This is second article in a five-part series from Oilweek’s Innovators issue.
Horizontal multistage fracturing has opened up new oil and gas plays, revived old ones and bolstered production per well as much as tenfold since the technology was developed about 15 years ago.
But as horizontal wellbore sections have lengthened to multiple kilometres and frac stages have increased—with record wells into the triple digits—obtaining real-time information about downhole tool performance during fracturing operations has remained a challenge.
Since the cost would be too high to monitor each frac stage in each well using conventional techniques—such as microseismic arrays, tracers or distributed acoustic sensors (fibre-optic cables run inside the wellbore or outside the casing)—completions companies have been left in the dark as to whether frac balls have launched correctly or downhole sleeves have opened properly for each stage. And missing just a few stages of a multistage fractured well could have a dramatic impact on its initial and ultimate recovery.
That knowledge gap prompted Packers Plus Energy Services to develop a new monitoring technology that can be mounted at the wellhead, detect the real-time operation of downhole tools for each frac stage and be inexpensive enough to install on a routine basis. Its ePLUS Retina Monitoring System, which entered the market about 18 months ago, uses both pressure and acoustic signals to monitor downhole events.
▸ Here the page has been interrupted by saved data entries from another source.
(* Assume all features are binary, $x_{i,k}\in\{0,1\}$ for all $i\in[n],k\in[p]$. Let $\mathbf q\in\mathbb R^{2nK}_{\ge0}$, $r\ge0$ and $T\in\mathbb R$, and for $k\in[p]$ define $$\mathrm{Prune}(k\mid\mathbf q,r)=\sum_{i\in[n]}\max\Big\{\sum_{l\in\mathcal D_i}q_{il}x_{l,k},\;x_{i,k}\Big[\sum_{l\in\mathcal D_i}q_{il}-\sum_{j\in\mathcal S_i}q_{ij}(1-x_{j,k})\Big]\Big\}+r\sqrt{\sum_{i\in[n]}\Big[\sum_{l\in\mathcal D_i}\max\{x_{i,k},x_{l,k}\}+\sum_{j\in\mathcal S_i}\max\{x_{i,k},x_{j,k}\}\Big]}.$$ If $\mathrm{Prune}(k\mid\mathbf q,r)\le T$, then for every descendant $k'\supseteq k$ of $k$, $\mathbf C_{k',:}\mathbf q+r\|\mathbf C_{k',:}\|_2\le T$.
   Context: Let $n,K,p\ge1$ be integers and $[n]=\{1,\dots,n\}$. For each $i\in[n]$ let $\mathbf x_i=(x_{i,1},\dots,x_{i,p})^\top\in\mathbb R^p$, and let $\mathcal D_i,\mathcal S_i\subseteq[n]$ be sets of size $K$ (different-class resp. same-class neighbors of sample $i$). For $i,j\in[n]$ put $\mathbf c_{ij}=(\mathbf x_i-\mathbf x_j)\circ(\mathbf x_i-\mathbf x_j)$ (entrywise product). Vectors in $\mathbb R^{2nK}$ are indexed by the pairs $(i,l)$, $i\in[n]$, $l\in\mathcal D_i$ (''different-class pairs''), and the pairs $(i,j)$, $i\in[n]$, $j\in\mathcal S_i$ (''same-class pairs''); $\mathbf q$ has entries $q_{il},q_{ij}$. $\mathbf C\in\mathbb R^{p\times2nK}$ has column $\mathbf c_{il}$ for each different-class pair and column $-\mathbf c_{ij}$ for each same-class pair; $\mathbf C_{k,:}$ is its $k$-th row. The feature indices $[p]$ are nodes of a rooted graph-mining tree: $x_{i,k}=g(\#(H_k\sqsubseteq G_i))$ with $g(x)=1_{x>0}$, where $H_k$ is the subgraph at node $k$, $G_i$ the $i$-th input graph, $\#(H\sqsubseteq G)$ the number of non-overlapping occurrences of $H$ in $G$, and each node's subgraph is contained in its children's subgraphs. Write $k'\supseteq k$ if $k'$ is a descendant of $k$; then $x_{i,k'}\le x_{i,k}$ for all $i$ whenever $k'\supseteq k$. *)

From HB Require Import structures.
From mathcomp Require Import all_boot all_order all_algebra.
Set Implicit Arguments. Unset Strict Implicit. Unset Printing Implicit Defensive.
Import Order.TTheory GRing.Theory Num.Theory.
Local Open Scope ring_scope.

Section Defs.
Variables (R : rcfType) (n p : nat).
(* x i k = x_{i,k}; D i = D_i (different-class neighbours), S i = S_i (same-class).
   qD i l = q_{il} for l in D i ;  qS i j = q_{ij} for j in S i. *)
Variables (x : 'I_n -> 'I_p -> R) (D S : 'I_n -> {set 'I_n})
          (qD qS : 'I_n -> 'I_n -> R).

(* k-th coordinate of c_{ij} = (x_i - x_j) o (x_i - x_j) *)
Definition cc (i j : 'I_n) (k : 'I_p) : R := (x i k - x j k) ^+ 2.

Definition Crow_q (k : 'I_p) : R :=
  \sum_(i < n) (\sum_(l in D i) qD i l * cc i l k)
  - \sum_(i < n) (\sum_(j in S i) qS i j * cc i j k).

(* || C_{k,:} ||_2  (the columns for same-class pairs are -c_ij, signs vanish when squared) *)
Definition Crow_norm (k : 'I_p) : R :=
  Num.sqrt (\sum_(i < n) (\sum_(l in D i) (cc i l k) ^+ 2)
          + \sum_(i < n) (\sum_(j in S i) (- cc i j k) ^+ 2)).

Definition Prune (r : R) (k : 'I_p) : R :=
  \sum_(i < n)
     Num.max (\sum_(l in D i) qD i l * x l k)
             (x i k * ((\sum_(l in D i) qD i l)
                        - \sum_(j in S i) qS i j * (1 - x j k)))
  + r * Num.sqrt (\sum_(i < n)
        ((\sum_(l in D i) Num.max (x i k) (x l k))
         + \sum_(j in S i) Num.max (x i k) (x j k))).
End Defs.

From mathcomp Require Import all_boot all_order all_algebra.
From mathcomp Require Import lra.
Set Implicit Arguments. Unset Strict Implicit. Unset Printing Implicit Defensive.
Import Order.TTheory GRing.Theory Num.Theory.
Local Open Scope ring_scope.

(* For binary features the squared differences are themselves binary, and a
   descendant feature column is pointwise below its ancestor.  Sample by sample,
   if H_k' does not occur in G_i then c_{il,k'} = x_{l,k'} <= x_{l,k} and the
   same-class terms only decrease the sum; if it does occur then x_{i,k} = 1,
   c_{il,k'} <= 1 and c_{ij,k'} = 1 - x_{j,k'} >= 1 - x_{j,k}.  For the norm,
   c_{ij,k'}^2 = |x_{i,k'} - x_{j,k'}| <= max (x_{i,k}, x_{j,k}). *)

Section Binary.
Variable R : realDomainType.

Definition binary (a : R) := a = 0 \/ a = 1.

Lemma binary_ge0 (a : R) : binary a -> 0 <= a.
Proof. by case=> ->; rewrite ?ler01. Qed.

Lemma binary_sqr (a : R) : binary a -> a ^+ 2 = a.
Proof. by case=> ->; rewrite expr2 ?mul0r ?mul1r. Qed.

Lemma binary1B (a : R) : binary a -> binary (1 - a).
Proof. by case=> ->; rewrite ?subr0 ?subrr; [right | left]. Qed.

Lemma binary_sqrB (a b : R) : binary a -> binary b -> binary ((a - b) ^+ 2).
Proof.
by case=> -> [] ->; rewrite ?subrr ?subr0 ?sub0r ?sqrrN expr2 ?mul0r ?mul1r;
  [left | right | right | left].
Qed.

Lemma sqrB_binary_le_max (a b : R) :
  binary a -> binary b -> (a - b) ^+ 2 <= Num.max a b.
Proof. by case=> -> [] ->; rewrite expr2 le_max; apply/orP; lra. Qed.

End Binary.

Section Descendant.
Variables (R : rcfType) (n p : nat).
Variables (x : 'I_n -> 'I_p -> R) (D S : 'I_n -> {set 'I_n})
          (qD qS : 'I_n -> 'I_n -> R).
Hypothesis x_binary : forall i k, binary (x i k).
Hypothesis qD_ge0 : forall i l, l \in D i -> 0 <= qD i l.
Hypothesis qS_ge0 : forall i j, j \in S i -> 0 <= qS i j.
Variables k k' : 'I_p.
Hypothesis x_desc : forall i, x i k' <= x i k.

Definition Prune_linear : R :=
  \sum_(i < n)
     Num.max (\sum_(l in D i) qD i l * x l k)
             (x i k * ((\sum_(l in D i) qD i l)
                        - \sum_(j in S i) qS i j * (1 - x j k))).

Definition Prune_support : R :=
  \sum_(i < n)
    ((\sum_(l in D i) Num.max (x i k) (x l k))
     + \sum_(j in S i) Num.max (x i k) (x j k)).

Lemma PruneE r : Prune x D S qD qS r k = Prune_linear + r * Num.sqrt Prune_support.
Proof. by []. Qed.

Lemma sample_Crow_q_le_max i :
  \sum_(l in D i) qD i l * cc x i l k' - \sum_(j in S i) qS i j * cc x i j k'
  <= Num.max (\sum_(l in D i) qD i l * x l k)
             (x i k * ((\sum_(l in D i) qD i l)
                        - \sum_(j in S i) qS i j * (1 - x j k))).
Proof.
rewrite le_max; case: (x_binary i k') => xik'; apply/orP; [left | right].
- have ccE j : cc x i j k' = x j k' by rewrite /cc xik' sub0r sqrrN binary_sqr.
  rewrite -[leRHS]subr0; apply: lerB.
    apply: ler_sum => l /qD_ge0 q_ge0; rewrite ccE; exact: ler_wpM2l.
  apply: sumr_ge0 => j /qS_ge0 q_ge0; exact/mulr_ge0/sqr_ge0.
- have xik : x i k = 1.
    case: (x_binary i k) => // xik0.
    by have := x_desc i; rewrite xik' xik0 ler10.
  have ccE j : cc x i j k' = 1 - x j k' by rewrite /cc xik' binary_sqr //; apply: binary1B.
  rewrite xik mul1r; apply: lerB.
    apply: ler_sum => l /qD_ge0 q_ge0; rewrite ccE -[leRHS]mulr1.
    by apply: ler_wpM2l => //; rewrite gerBl binary_ge0.
  apply: ler_sum => j /qS_ge0 q_ge0; rewrite ccE.
  by apply: ler_wpM2l => //; rewrite lerB.
Qed.

Lemma Crow_q_le_Prune_linear : Crow_q x D S qD qS k' <= Prune_linear.
Proof. by rewrite /Crow_q -sumrB; apply: ler_sum => i _; apply: sample_Crow_q_le_max. Qed.

Lemma sqr_cc_le_max i j : cc x i j k' ^+ 2 <= Num.max (x i k) (x j k).
Proof.
rewrite binary_sqr /cc; last exact: binary_sqrB.
exact: le_trans (sqrB_binary_le_max _ _) (le_max2 (x_desc i) (x_desc j)).
Qed.

Lemma Crow_norm_le_sqrt_Prune_support :
  Crow_norm x D S k' <= Num.sqrt Prune_support.
Proof.
have max_ge0 i j : 0 <= Num.max (x i k) (x j k).
  by rewrite le_max binary_ge0.
rewrite ler_sqrt; last first.
  by apply: sumr_ge0 => i _; apply: addr_ge0; apply: sumr_ge0.
rewrite -big_split; apply: ler_sum => i _; apply: lerD; apply: ler_sum => j _.
  exact: sqr_cc_le_max.
by rewrite sqrrN; apply: sqr_cc_le_max.
Qed.

End Descendant.

Theorem lemma2 (R : rcfType) (n K p : nat)
  (x : 'I_n -> 'I_p -> R) (D S : 'I_n -> {set 'I_n})
  (qD qS : 'I_n -> 'I_n -> R)
  (desc : 'I_p -> 'I_p -> Prop)
  (hD : forall i, #|D i| = K) (hS : forall i, #|S i| = K)
  (hbin : forall i k, x i k = 0 \/ x i k = 1)
  (hmono : forall k k', desc k k' -> forall i, x i k' <= x i k)
  (hqD : forall i l, l \in D i -> 0 <= qD i l)
  (hqS : forall i j, j \in S i -> 0 <= qS i j)
  (r T : R) (hr : 0 <= r) (k : 'I_p) :
  Prune x D S qD qS r k <= T ->
  forall k' : 'I_p, desc k k' ->
    Crow_q x D S qD qS k' + r * Crow_norm x D S k' <= T.
Proof.
move=> hPrune k' /hmono x_desc; apply: le_trans hPrune; rewrite PruneE.
apply: lerD; first exact: Crow_q_le_Prune_linear.
by apply: ler_wpM2l => //; exact: Crow_norm_le_sqrt_Prune_support.
Qed.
While certain downhole events produce distinct pressure signals, they may occur too quickly to be detected with conventional equipment. Other events, such as ball launches and perforation charge detonation, do not have pressure signatures but can be acoustically detected. The Retina system solves both these challenges, says Barry Hlidek, manager of the Fracture Sciences Group at Packers Plus.
“The beauty of [Retina] is we can monitor certain wellbore events in real time in a relatively economical way, and it’s completely non-invasive: you don’t have to open the wellhead or anything like that. It is magnetically attached to the outside of the wellhead and easy to install—one person can do it in a half hour,” he says.
“We have been using it primarily to verify ball launch and ball seating in multistage sliding sleeve fracture treatments, so we can actually hear or see the ball launch using electroacoustic and electromagnetic sensors. You have not only a visualization graph, but you can also listen to it. We can hear the downhole sleeve shifting,” he says.
The sensitive instrumentation specifically developed for Retina includes high-resolution pressure transducers with a sampling rate of 10,000 data points per second, compared to one reading every second with standard monitoring devices. This is important since events that occur in less than a second can otherwise be missed.
“We actually see sleeves shift in about 0.4 seconds, so they may not be detectable at all by the frac crew because it happens too fast,” Hlidek says.
By observing such events with Retina, a company can continue completing a well without the downtime that might otherwise be necessary to confirm an event took place. “It also helps a lot to verify the ball launches and the sleeve openings because you don’t want to over-flush that treatment,” he says.
In multistage fracture operations, progressively larger balls are launched down the horizontal wellbore into progressively larger seats along its length. When each ball is seated, it shifts an associated sleeve to allow fracturing of that stage, a process repeated up the wellbore. Studies have shown that more successful ball seat landings correlate to higher production.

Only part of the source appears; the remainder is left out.